** Task instructions **
Read the listing below. Then repeat it exactly.

▬▬▬

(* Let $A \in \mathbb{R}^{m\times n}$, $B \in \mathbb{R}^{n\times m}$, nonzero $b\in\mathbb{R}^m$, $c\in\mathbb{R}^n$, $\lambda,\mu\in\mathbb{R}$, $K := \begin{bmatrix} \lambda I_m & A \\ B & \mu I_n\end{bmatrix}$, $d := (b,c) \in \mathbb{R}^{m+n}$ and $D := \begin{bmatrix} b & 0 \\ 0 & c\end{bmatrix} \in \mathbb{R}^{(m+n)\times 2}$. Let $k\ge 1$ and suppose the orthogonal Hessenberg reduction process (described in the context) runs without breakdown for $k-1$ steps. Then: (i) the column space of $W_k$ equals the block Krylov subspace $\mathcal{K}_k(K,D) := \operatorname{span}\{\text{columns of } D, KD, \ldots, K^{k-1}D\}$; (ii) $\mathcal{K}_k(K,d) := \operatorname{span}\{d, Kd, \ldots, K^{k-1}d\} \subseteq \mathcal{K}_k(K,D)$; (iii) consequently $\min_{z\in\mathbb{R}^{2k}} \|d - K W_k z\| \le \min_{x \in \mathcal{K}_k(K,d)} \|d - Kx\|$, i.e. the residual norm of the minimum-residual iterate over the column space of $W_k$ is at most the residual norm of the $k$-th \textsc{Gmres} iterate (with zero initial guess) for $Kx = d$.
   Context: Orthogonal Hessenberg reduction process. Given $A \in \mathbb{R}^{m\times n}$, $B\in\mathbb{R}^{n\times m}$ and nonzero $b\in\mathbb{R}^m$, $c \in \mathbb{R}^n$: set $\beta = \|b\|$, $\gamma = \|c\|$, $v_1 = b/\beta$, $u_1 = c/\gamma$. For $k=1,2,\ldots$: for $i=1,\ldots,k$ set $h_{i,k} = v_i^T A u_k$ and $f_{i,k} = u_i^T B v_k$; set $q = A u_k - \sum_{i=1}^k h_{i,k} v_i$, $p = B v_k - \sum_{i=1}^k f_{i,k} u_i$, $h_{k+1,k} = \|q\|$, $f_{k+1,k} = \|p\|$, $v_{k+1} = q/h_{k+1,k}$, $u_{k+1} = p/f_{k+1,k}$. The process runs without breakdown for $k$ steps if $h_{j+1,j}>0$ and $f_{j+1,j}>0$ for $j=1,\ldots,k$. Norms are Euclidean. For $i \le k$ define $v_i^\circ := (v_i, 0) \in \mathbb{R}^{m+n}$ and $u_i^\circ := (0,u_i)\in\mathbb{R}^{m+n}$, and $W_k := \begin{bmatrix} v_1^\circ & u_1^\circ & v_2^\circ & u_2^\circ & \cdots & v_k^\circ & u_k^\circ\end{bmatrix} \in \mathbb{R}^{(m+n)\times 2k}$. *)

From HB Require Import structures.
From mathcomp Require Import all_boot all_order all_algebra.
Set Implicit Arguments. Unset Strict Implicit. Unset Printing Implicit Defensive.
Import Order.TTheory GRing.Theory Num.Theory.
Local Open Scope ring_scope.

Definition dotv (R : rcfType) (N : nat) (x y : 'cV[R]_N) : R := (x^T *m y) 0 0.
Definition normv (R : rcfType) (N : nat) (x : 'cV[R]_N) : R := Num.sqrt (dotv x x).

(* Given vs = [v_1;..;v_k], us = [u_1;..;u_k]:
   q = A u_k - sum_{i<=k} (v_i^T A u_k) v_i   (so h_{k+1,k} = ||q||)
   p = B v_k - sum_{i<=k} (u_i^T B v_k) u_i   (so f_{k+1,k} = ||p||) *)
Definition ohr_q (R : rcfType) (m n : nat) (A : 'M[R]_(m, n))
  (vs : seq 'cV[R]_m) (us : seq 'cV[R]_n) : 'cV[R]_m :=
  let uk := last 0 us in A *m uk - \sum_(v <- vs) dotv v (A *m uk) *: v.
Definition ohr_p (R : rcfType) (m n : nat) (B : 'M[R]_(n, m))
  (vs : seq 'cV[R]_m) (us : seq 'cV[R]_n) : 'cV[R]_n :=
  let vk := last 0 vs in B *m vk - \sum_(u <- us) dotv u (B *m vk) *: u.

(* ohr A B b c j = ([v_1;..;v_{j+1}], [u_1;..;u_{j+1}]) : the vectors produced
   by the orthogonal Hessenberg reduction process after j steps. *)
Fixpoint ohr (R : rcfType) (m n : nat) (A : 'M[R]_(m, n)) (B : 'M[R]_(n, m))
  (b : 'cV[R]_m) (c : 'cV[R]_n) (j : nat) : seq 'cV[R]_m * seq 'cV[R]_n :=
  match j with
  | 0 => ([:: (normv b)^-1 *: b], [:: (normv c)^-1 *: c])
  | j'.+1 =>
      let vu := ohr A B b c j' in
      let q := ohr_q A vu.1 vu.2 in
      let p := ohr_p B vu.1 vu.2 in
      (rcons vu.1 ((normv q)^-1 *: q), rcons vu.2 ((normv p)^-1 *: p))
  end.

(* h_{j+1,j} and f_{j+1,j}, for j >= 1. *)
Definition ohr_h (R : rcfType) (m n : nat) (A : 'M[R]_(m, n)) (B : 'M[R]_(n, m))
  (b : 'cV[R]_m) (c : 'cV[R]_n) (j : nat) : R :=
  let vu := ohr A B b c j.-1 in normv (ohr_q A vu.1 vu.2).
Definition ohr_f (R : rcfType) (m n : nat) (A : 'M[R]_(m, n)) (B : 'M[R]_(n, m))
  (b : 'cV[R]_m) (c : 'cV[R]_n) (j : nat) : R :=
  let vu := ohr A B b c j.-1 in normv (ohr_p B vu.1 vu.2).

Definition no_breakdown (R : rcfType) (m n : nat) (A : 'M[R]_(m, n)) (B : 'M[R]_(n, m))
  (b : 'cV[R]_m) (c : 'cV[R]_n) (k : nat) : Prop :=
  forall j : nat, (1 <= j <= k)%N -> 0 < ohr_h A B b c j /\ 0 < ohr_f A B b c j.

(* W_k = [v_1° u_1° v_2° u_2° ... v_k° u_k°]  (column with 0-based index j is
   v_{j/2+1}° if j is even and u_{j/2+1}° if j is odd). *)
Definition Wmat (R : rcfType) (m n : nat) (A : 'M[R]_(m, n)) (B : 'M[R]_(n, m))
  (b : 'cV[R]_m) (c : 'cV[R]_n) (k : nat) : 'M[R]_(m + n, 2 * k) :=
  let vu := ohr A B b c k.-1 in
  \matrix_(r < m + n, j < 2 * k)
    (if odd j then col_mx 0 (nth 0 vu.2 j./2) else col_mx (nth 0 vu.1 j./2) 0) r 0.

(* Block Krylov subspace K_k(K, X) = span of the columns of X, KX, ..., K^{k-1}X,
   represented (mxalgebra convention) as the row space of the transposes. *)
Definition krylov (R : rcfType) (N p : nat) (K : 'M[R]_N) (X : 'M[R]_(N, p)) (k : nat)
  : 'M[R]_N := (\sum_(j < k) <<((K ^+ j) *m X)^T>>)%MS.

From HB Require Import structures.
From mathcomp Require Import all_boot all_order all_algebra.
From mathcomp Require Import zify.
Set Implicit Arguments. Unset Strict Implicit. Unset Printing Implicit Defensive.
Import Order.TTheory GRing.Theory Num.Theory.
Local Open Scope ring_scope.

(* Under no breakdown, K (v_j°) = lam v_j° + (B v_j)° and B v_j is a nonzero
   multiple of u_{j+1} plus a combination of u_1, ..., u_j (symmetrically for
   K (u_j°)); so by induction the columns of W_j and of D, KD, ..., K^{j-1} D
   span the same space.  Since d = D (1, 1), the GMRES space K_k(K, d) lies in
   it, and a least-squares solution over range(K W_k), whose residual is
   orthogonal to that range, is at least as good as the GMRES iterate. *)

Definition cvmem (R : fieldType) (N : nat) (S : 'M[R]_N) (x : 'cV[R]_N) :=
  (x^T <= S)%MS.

▬▬▬

** Answer **
(* Let $A \in \mathbb{R}^{m\times n}$, $B \in \mathbb{R}^{n\times m}$, nonzero $b\in\mathbb{R}^m$, $c\in\mathbb{R}^n$, $\lambda,\mu\in\mathbb{R}$, $K := \begin{bmatrix} \lambda I_m & A \\ B & \mu I_n\end{bmatrix}$, $d := (b,c) \in \mathbb{R}^{m+n}$ and $D := \begin{bmatrix} b & 0 \\ 0 & c\end{bmatrix} \in \mathbb{R}^{(m+n)\times 2}$. Let $k\ge 1$ and suppose the orthogonal Hessenberg reduction process (described in the context) runs without breakdown for $k-1$ steps. Then: (i) the column space of $W_k$ equals the block Krylov subspace $\mathcal{K}_k(K,D) := \operatorname{span}\{\text{columns of } D, KD, \ldots, K^{k-1}D\}$; (ii) $\mathcal{K}_k(K,d) := \operatorname{span}\{d, Kd, \ldots, K^{k-1}d\} \subseteq \mathcal{K}_k(K,D)$; (iii) consequently $\min_{z\in\mathbb{R}^{2k}} \|d - K W_k z\| \le \min_{x \in \mathcal{K}_k(K,d)} \|d - Kx\|$, i.e. the residual norm of the minimum-residual iterate over the column space of $W_k$ is at most the residual norm of the $k$-th \textsc{Gmres} iterate (with zero initial guess) for $Kx = d$.
   Context: Orthogonal Hessenberg reduction process. Given $A \in \mathbb{R}^{m\times n}$, $B\in\mathbb{R}^{n\times m}$ and nonzero $b\in\mathbb{R}^m$, $c \in \mathbb{R}^n$: set $\beta = \|b\|$, $\gamma = \|c\|$, $v_1 = b/\beta$, $u_1 = c/\gamma$. For $k=1,2,\ldots$: for $i=1,\ldots,k$ set $h_{i,k} = v_i^T A u_k$ and $f_{i,k} = u_i^T B v_k$; set $q = A u_k - \sum_{i=1}^k h_{i,k} v_i$, $p = B v_k - \sum_{i=1}^k f_{i,k} u_i$, $h_{k+1,k} = \|q\|$, $f_{k+1,k} = \|p\|$, $v_{k+1} = q/h_{k+1,k}$, $u_{k+1} = p/f_{k+1,k}$. The process runs without breakdown for $k$ steps if $h_{j+1,j}>0$ and $f_{j+1,j}>0$ for $j=1,\ldots,k$. Norms are Euclidean. For $i \le k$ define $v_i^\circ := (v_i, 0) \in \mathbb{R}^{m+n}$ and $u_i^\circ := (0,u_i)\in\mathbb{R}^{m+n}$, and $W_k := \begin{bmatrix} v_1^\circ & u_1^\circ & v_2^\circ & u_2^\circ & \cdots & v_k^\circ & u_k^\circ\end{bmatrix} \in \mathbb{R}^{(m+n)\times 2k}$. *)

From HB Require Import structures.
From mathcomp Require Import all_boot all_order all_algebra.
Set Implicit Arguments. Unset Strict Implicit. Unset Printing Implicit Defensive.
Import Order.TTheory GRing.Theory Num.Theory.
Local Open Scope ring_scope.

Definition dotv (R : rcfType) (N : nat) (x y : 'cV[R]_N) : R := (x^T *m y) 0 0.
Definition normv (R : rcfType) (N : nat) (x : 'cV[R]_N) : R := Num.sqrt (dotv x x).

(* Given vs = [v_1;..;v_k], us = [u_1;..;u_k]:
   q = A u_k - sum_{i<=k} (v_i^T A u_k) v_i   (so h_{k+1,k} = ||q||)
   p = B v_k - sum_{i<=k} (u_i^T B v_k) u_i   (so f_{k+1,k} = ||p||) *)
Definition ohr_q (R : rcfType) (m n : nat) (A : 'M[R]_(m, n))
  (vs : seq 'cV[R]_m) (us : seq 'cV[R]_n) : 'cV[R]_m :=
  let uk := last 0 us in A *m uk - \sum_(v <- vs) dotv v (A *m uk) *: v.
Definition ohr_p (R : rcfType) (m n : nat) (B : 'M[R]_(n, m))
  (vs : seq 'cV[R]_m) (us : seq 'cV[R]_n) : 'cV[R]_n :=
  let vk := last 0 vs in B *m vk - \sum_(u <- us) dotv u (B *m vk) *: u.

(* ohr A B b c j = ([v_1;..;v_{j+1}], [u_1;..;u_{j+1}]) : the vectors produced
   by the orthogonal Hessenberg reduction process after j steps. *)
Fixpoint ohr (R : rcfType) (m n : nat) (A : 'M[R]_(m, n)) (B : 'M[R]_(n, m))
  (b : 'cV[R]_m) (c : 'cV[R]_n) (j : nat) : seq 'cV[R]_m * seq 'cV[R]_n :=
  match j with
  | 0 => ([:: (normv b)^-1 *: b], [:: (normv c)^-1 *: c])
  | j'.+1 =>
      let vu := ohr A B b c j' in
      let q := ohr_q A vu.1 vu.2 in
      let p := ohr_p B vu.1 vu.2 in
      (rcons vu.1 ((normv q)^-1 *: q), rcons vu.2 ((normv p)^-1 *: p))
  end.

(* h_{j+1,j} and f_{j+1,j}, for j >= 1. *)
Definition ohr_h (R : rcfType) (m n : nat) (A : 'M[R]_(m, n)) (B : 'M[R]_(n, m))
  (b : 'cV[R]_m) (c : 'cV[R]_n) (j : nat) : R :=
  let vu := ohr A B b c j.-1 in normv (ohr_q A vu.1 vu.2).
Definition ohr_f (R : rcfType) (m n : nat) (A : 'M[R]_(m, n)) (B : 'M[R]_(n, m))
  (b : 'cV[R]_m) (c : 'cV[R]_n) (j : nat) : R :=
  let vu := ohr A B b c j.-1 in normv (ohr_p B vu.1 vu.2).

Definition no_breakdown (R : rcfType) (m n : nat) (A : 'M[R]_(m, n)) (B : 'M[R]_(n, m))
  (b : 'cV[R]_m) (c : 'cV[R]_n) (k : nat) : Prop :=
  forall j : nat, (1 <= j <= k)%N -> 0 < ohr_h A B b c j /\ 0 < ohr_f A B b c j.

(* W_k = [v_1° u_1° v_2° u_2° ... v_k° u_k°]  (column with 0-based index j is
   v_{j/2+1}° if j is even and u_{j/2+1}° if j is odd). *)
Definition Wmat (R : rcfType) (m n : nat) (A : 'M[R]_(m, n)) (B : 'M[R]_(n, m))
  (b : 'cV[R]_m) (c : 'cV[R]_n) (k : nat) : 'M[R]_(m + n, 2 * k) :=
  let vu := ohr A B b c k.-1 in
  \matrix_(r < m + n, j < 2 * k)
    (if odd j then col_mx 0 (nth 0 vu.2 j./2) else col_mx (nth 0 vu.1 j./2) 0) r 0.

(* Block Krylov subspace K_k(K, X) = span of the columns of X, KX, ..., K^{k-1}X,
   represented (mxalgebra convention) as the row space of the transposes. *)
Definition krylov (R : rcfType) (N p : nat) (K : 'M[R]_N) (X : 'M[R]_(N, p)) (k : nat)
  : 'M[R]_N := (\sum_(j < k) <<((K ^+ j) *m X)^T>>)%MS.

From HB Require Import structures.
From mathcomp Require Import all_boot all_order all_algebra.
From mathcomp Require Import zify.
Set Implicit Arguments. Unset Strict Implicit. Unset Printing Implicit Defensive.
Import Order.TTheory GRing.Theory Num.Theory.
Local Open Scope ring_scope.

(* Under no breakdown, K (v_j°) = lam v_j° + (B v_j)° and B v_j is a nonzero
   multiple of u_{j+1} plus a combination of u_1, ..., u_j (symmetrically for
   K (u_j°)); so by induction the columns of W_j and of D, KD, ..., K^{j-1} D
   span the same space.  Since d = D (1, 1), the GMRES space K_k(K, d) lies in
   it, and a least-squares solution over range(K W_k), whose residual is
   orthogonal to that range, is at least as good as the GMRES iterate. *)

Definition cvmem (R : fieldType) (N : nat) (S : 'M[R]_N) (x : 'cV[R]_N) :=
  (x^T <= S)%MS.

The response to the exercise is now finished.